4. You get to decide how much personal info you’ll share. Though Cerulo and Mazur were already close friends and have kept that level of personal closeness as work wives, they got to set the precedent for the rest of the relationships they would have with the employees they manage at Of a Kind. For example, Mazur explains, “If there are bigger picture things happening in our employees’ lives that are influencing their day-to-day work, like an ill family member, or good news like getting married, I want to know that, be able to talk to them about it, and understand how it’s playing into their professional lives.” Setting the tone with their team helped them draw the line between the personal and the professional — leaving your bad Tinder date last night out of office chatter is probably a good choice — and, they admit, ultimately made them better bosses. When important personal victories or struggles come up among team members, they place an emphasis on those situations, says Cerulo, and that becomes even more meaningful.
5. Get comfortable with confrontation. Part of what makes Mazur and Cerulo’s partnership work now is their candor and ease with confronting each other during points of conflict like a disagreement on decisions. As Mazur and Cerulo point out in Work Wife, a lack of visible fighting doesn’t necessarily signify a healthy relationship: It’s healthier to have disagreement once in a while. That’s also something that’s helped them understand each other better. “We have a better sense now of the things that create ongoing tension for us — hiring new people who aren’t yet tuned in to our dynamic, taking on new projects that throw off our creativity-and-workload balance.” Sometimes expressing your feelings as soon as they come up is the only way you’ll be able to move past a difficult spot, they conclude.

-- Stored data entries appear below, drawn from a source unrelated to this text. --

Lemma ip_partition (R : realType) d (Tp : 'I_d -> set R) (T : set R) (Y mu f : R -> R) :
  measurable (T : set (measurableTypeR R)) -> (forall b, measurable (Tp b)) ->
  T = \bigcup_(b in setT) Tp b -> (forall b c, b != c -> Tp b `&` Tp c = set0) ->
  (@lebesgue_measure R).-integrable T (EFin \o (fun t => (Y t - mu t) * f t)) ->
  ip T (fun t => Y t - mu t) f = \sum_b ip (Tp b) (fun t => Y t - mu t) f.
Proof.
move=> mT mTp Tcov dTp intT; have sT b : Tp b `<=` T by rewrite Tcov => t Tbt; exists b.
rewrite (eq_bigl (fun b => b \in [set: 'I_d]%SET)) => [|b]; last by rewrite finset.in_setT.
rewrite -(ip_Xhat mT mTp sT dTp intT); apply: eq_Rintegral => t; rewrite inE => Tt.
rewrite /Xhat asboolT //; move: Tt; rewrite Tcov => -[b _ Tbt].
by exists b => //=; rewrite finset.in_setT.
Qed.

Section MeanFunction.
Context (R : realType) (dO : measure_display) (Omega : measurableType dO).
Variable P : probability Omega R.

Lemma sqr_expectation_le (Y : Omega -> R) : Y \in Lfun P 2%:E ->
  fine 'E_P[Y]%E ^+ 2 <= fine 'E_P[Y ^+ 2]%E.
Proof.
move=> Y2; have Pfin : P setT \is a fin_num := fin_num_measure P _ measurableT.
have fY := expectation_fin_num (Lfun_subset12 Pfin Y2).
have fY2 : 'E_P[Y ^+ 2]%E \is a fin_num := expectation_fin_num (Lfun2_mul_Lfun1 Y2 Y2).
have := variance_ge0 P Y; rewrite varianceE // -(fineK fY) -(fineK fY2).
by rewrite -EFin_expe -EFinB lee_fin subr_ge0.
Qed.

Lemma mean_sub_sqr_le (X : R -> Omega -> R) s t :
  X s \in Lfun P 2%:E -> X t \in Lfun P 2%:E ->
  (mean P X s - mean P X t) ^+ 2 <= fine 'E_P[fun w => ((X s w - X t w) ^+ 2)%R]%E.
Proof.
move=> Xs Xt; have Pfin : P setT \is a fin_num := fin_num_measure P _ measurableT.
have Xst : X s \- X t \in Lfun P 2%:E.
  by apply: (Lfun_addr_closed P _).2 Xs (Lfun_oppr_closed Xt); rewrite lee_fin ler1n.
have [Xs1 Xt1] := (Lfun_subset12 Pfin Xs, Lfun_subset12 Pfin Xt).
rewrite /mean -fineB ?expectation_fin_num // -expectationB //.
exact: sqr_expectation_le Xst.
Qed.

Lemma mean_continuous (T : set R) (X : R -> Omega -> R) :
  L2_continuous P T X -> {within T, continuous (mean P X)}.
Proof.
move=> [L2X cvgX]; rewrite continuous_subspace_in => t; rewrite inE => Tt.
rewrite /continuous_at.
have -> : nbhs (t : subspace T) = within T (nbhs t) by rewrite nbhs_subspace_in.
have wF := within_filter T (nbhs_filter t).
have /fine_cvgP[_ cvg_fine] := cvgX t Tt.
apply/(subr_cvg0 (FF := wF))/(norm_cvg0P (FF := wF)).
apply: (@squeeze_cvgr _ _ wF _ (cst 0) (fun s => Num.sqrt (fine
    'E_P[fun w => ((X s w - X t w) ^+ 2)%R]%E))); last 2 first.
- exact: cvg_cst.
- by have := continuous_cvg wF (@sqrt_continuous R 0) cvg_fine; rewrite sqrtr0.
near=> s; have Ts : T s by near: s; exact: near_withinT.
rewrite normr_ge0 -sqrtr_sqr ler_sqrt ?mean_sub_sqr_le ?L2X //.
by rewrite fine_ge0 // expectation_ge0 // => w; exact: sqr_ge0.
Unshelve. all: by end_near.
Qed.

End MeanFunction.

Theorem proposition1 (R : realType) (dO : measure_display) (Omega : measurableType dO)
  (P : probability Omega R) (ta tb : R) (X : R -> Omega -> R)
  (m : nat) (lam : 'I_m.+1 -> R) (xi : 'I_m.+1 -> R -> R)
  (d : nat) (Tp : 'I_d -> set R) (a : 'I_d) (w : Omega) :
  ta < tb ->
  (forall t, measurable_fun setT (X t)) ->
  L2_continuous P [set` `[ta, tb]] X ->
  largest_eigenpairs [set` `[ta, tb]] (cov_kernel P X) lam xi ->
  0 < lam ord_max ->
  (forall b, measurable (Tp b)) ->
  [set` `[ta, tb]] = \bigcup_(b in setT) Tp b ->
  (forall b c, b != c -> Tp b `&` Tp c = set0) ->
  L2on [set` `[ta, tb]] (fun t => X t w) ->
  theta [set` `[ta, tb]] lam xi Tp a (fun t => X t w) (mean P X) =
  \sum_(i < m.+1) (lam i)^-1 *
     ip (Tp a) (fun t => X t w - mean P X t) (xi i) *
     ip [set` `[ta, tb]] (fun t => X t w - mean P X t) (xi i).
Proof.
case: d Tp a => [|n] Tp a; first by case: a.
(* The identity is algebraic in lam: of the eigen-structure only xi_i \in L^2 is used. *)
move=> _ _ L2X [eig _] _ mTp Tcov dTp L2w.
set T := [set` `[ta, tb]]; set mu := mean P X; set Y := fun t => X t w.
have mT : measurable (T : set (measurableTypeR R)) by exact: measurable_itv.
have sT b : Tp b `<=` T by move=> t Tbt; rewrite /T Tcov; exists b.
have L2mu : L2on T mu.
  by apply: continuous_L2on (mean_continuous L2X); exact: segment_compact.
have intT i := L2on_integrable_mul mT (L2onB mT L2w L2mu) (eig i).1.
pose c i b := ip (Tp b) (fun t => Y t - mu t) (xi i).
have -> : theta T lam xi Tp a Y mu = shapley_value (fun S =>
    \sum_(i < m.+1) (lam i)^-1 * (\sum_(b in S) c i b) ^+ 2) a.
  congr shapley_value; apply/funext => S; apply: eq_bigr => i _.
  by rewrite (ip_Xhat mT mTp sT dTp (intT i)).
rewrite shapley_value_sum; apply: eq_bigr => i _.
rewrite shapley_valueZ shapley_value_sqr_sum mulrA.
by rewrite (ip_partition mT mTp Tcov dTp (intT i)).
Qed.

6. It’s okay to hire a former work wife. If you no longer work together and have the opportunity to hire, promote, recommend, or advocate for a former work wife, absolutely take that chance, Cerulo and Mazur agree. “It’s okay to be biased,” encourages Mazur. “One of the things we’re putting forth in Work Wife is that it’s not just okay to be friends with your coworkers, but it’s important and valuable, and it’s something that your employer should value. I think hiring or promoting people that you know you have a strong working relationship with is to everyone’s benefit. That’s sort of the definition of a work wife.”
7. Finding your work partner is all about putting yourself out there. Just as in dating, work relationships can flourish when you lead with vulnerability to create a genuine personal connection. These professional partnerships can form from the very beginning of your career, as well. “As you’re developing work relationships in your first, second, and third jobs, it’s important to have conversations where you put yourself out there — maybe you’re a little more vulnerable with people than you might necessarily feel comfortable being, and I think that lets you test how you can expand these relationships or evolve them,” Cerulo says. And what to look for in a potential work wife? It’s simple, Mazur says, and very similar to how you would decide if a friendship is worth pursuing: “It’s important to keep an eye out for other people who share your high standards and to watch how they execute on those standards and how accountable they are to their coworkers.”